[[ SOURCE RECORDS, beginning ]]

(* Let $X=\{1,\dots,n\}$, $Y$ a finite set, $Q$ a symmetric irreducible stochastic matrix on $Y$ with eigenspace decomposition $L(Y)=\bigoplus_{j=0}^mW_j$ (notation in context). Let $2\le k\le n$ and let $\underline a=(a_0,a_1,\dots,a_m)$ be a type with $a_0+\cdots+a_m=k$, and $\underline a'=(a_0-1,a_1,\dots,a_m)$. Then $D_k$ maps $P_{k,\underline a}$ into $P_{k-1,\underline a'}$ (in particular $D_kF=0$ for $F\in P_{k,\underline a}$ when $a_0=0$), and, when $a_0\ge1$, $D_k^*$ maps $P_{k-1,\underline a'}$ into $P_{k,\underline a}$.
   Context: $Q=(q(y,y'))$ acts on $L(Y)=\{f:Y\to\mathbb C\}$ by $(Qf)(y)=\sum_{y'}q(y,y')f(y')$; let $\lambda_0=1,\lambda_1,\dots,\lambda_m$ be its distinct eigenvalues with eigenspaces $W_0,\dots,W_m$, where $W_0$ is the space of constant functions; every $f\in W_j$, $j\ge1$, satisfies $\sum_yf(y)=0$. For $0\le k\le n$, $\Theta_k$ is the set of functions $\theta$ whose domain $\mathrm{dom}(\theta)$ is a $k$-element subset of $X$ and which take values in $Y$ ($\Theta_0$ = the empty function). For $\varphi\in\Theta_{k-1},\theta\in\Theta_k$ write $\varphi\subseteq\theta$ if $\mathrm{dom}\varphi\subseteq\mathrm{dom}\theta$ and $\theta|_{\mathrm{dom}\varphi}=\varphi$. $L(\Theta_k)=\bigoplus_{|A|=k}L(Y^A)$, with inner product $\langle F,G\rangle=\sum_{\theta}F(\theta)\overline{G(\theta)}$. For $2\le k\le n$, $D_k:L(\Theta_k)\to L(\Theta_{k-1})$, $(D_kF)(\varphi)=\sum_{\theta\in\Theta_k:\varphi\subseteq\theta}F(\theta)$; for $1\le k\le n$, $D_k^*:L(\Theta_{k-1})\to L(\Theta_k)$, $(D_k^*F)(\theta)=\sum_{\varphi\in\Theta_{k-1}:\varphi\subseteq\theta}F(\varphi)$. A type is a tuple $\underline a=(a_0,\dots,a_m)$ of nonnegative integers; $\ell(\underline a)=a_1+\cdots+a_m$. For $|A|=k=a_0+\cdots+a_m$, a fundamental function of type $\underline a$ in $L(Y^A)$ is $F=\bigotimes_{j\in A}F^j$, $F(\theta)=\prod_{j\in A}F^j(\theta(j))$ for $\theta\in Y^A$ (and $0$ on other domains), where each $F^j$ lies in some $W_{i_j}$ and $\#\{j\in A:i_j=i\}=a_i$ for each $i$. $P_{k,\underline a,A}$ is the span of fundamental functions of type $\underline a$ in $L(Y^A)$, and $P_{k,\underline a}=\bigoplus_{|A|=k}P_{k,\underline a,A}$; if a type has a negative entry the corresponding space is $\{0\}$. *)

From HB Require Import structures.
From mathcomp Require Import all_boot all_order all_algebra.
Set Implicit Arguments. Unset Strict Implicit. Unset Printing Implicit Defensive.
Import Order.TTheory GRing.Theory Num.Theory.
Local Open Scope ring_scope.

Section Defs.
Variables (C : numClosedFieldType) (Y : finType) (n : nat).

Definition Qact (q : Y -> Y -> C) (f : Y -> C) : Y -> C :=
  fun y => \sum_(y' : Y) q y y' * f y'.

Fixpoint qpow (q : Y -> Y -> C) (t : nat) (y y' : Y) : C :=
  match t with
  | 0 => (y == y')%:R
  | t'.+1 => \sum_(z : Y) q y z * qpow q t' z y'
  end.

Definition stochastic (q : Y -> Y -> C) : Prop :=
  (forall y y', 0 <= q y y') /\ (forall y, \sum_(y' : Y) q y y' = 1).

Definition symmetric_kernel (q : Y -> Y -> C) : Prop :=
  forall y y', q y y' = q y' y.

Definition irreducible_kernel (q : Y -> Y -> C) : Prop :=
  forall y y', exists t, 0 < qpow q t y y'.

Definition eigensp (q : Y -> Y -> C) (c : C) (f : Y -> C) : Prop :=
  forall y, Qact q f y = c * f y.

Definition eigen_enumeration (q : Y -> Y -> C) (m : nat) (lam : 'I_m.+1 -> C) : Prop :=
  [/\ lam ord0 = 1, injective lam,
      (forall j, exists f, eigensp q (lam j) f /\ exists y, f y != 0) &
      (forall c f, eigensp q c f -> (exists y, f y != 0) -> exists j, c = lam j)].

[[ SOURCE RECORDS, end ]]

Scan the listing and report each line where the word "Qact" shows up.

Definition Qact (q : Y -> Y -> C) (f : Y -> C) : Y -> C :=
  forall y, Qact q f y = c * f y.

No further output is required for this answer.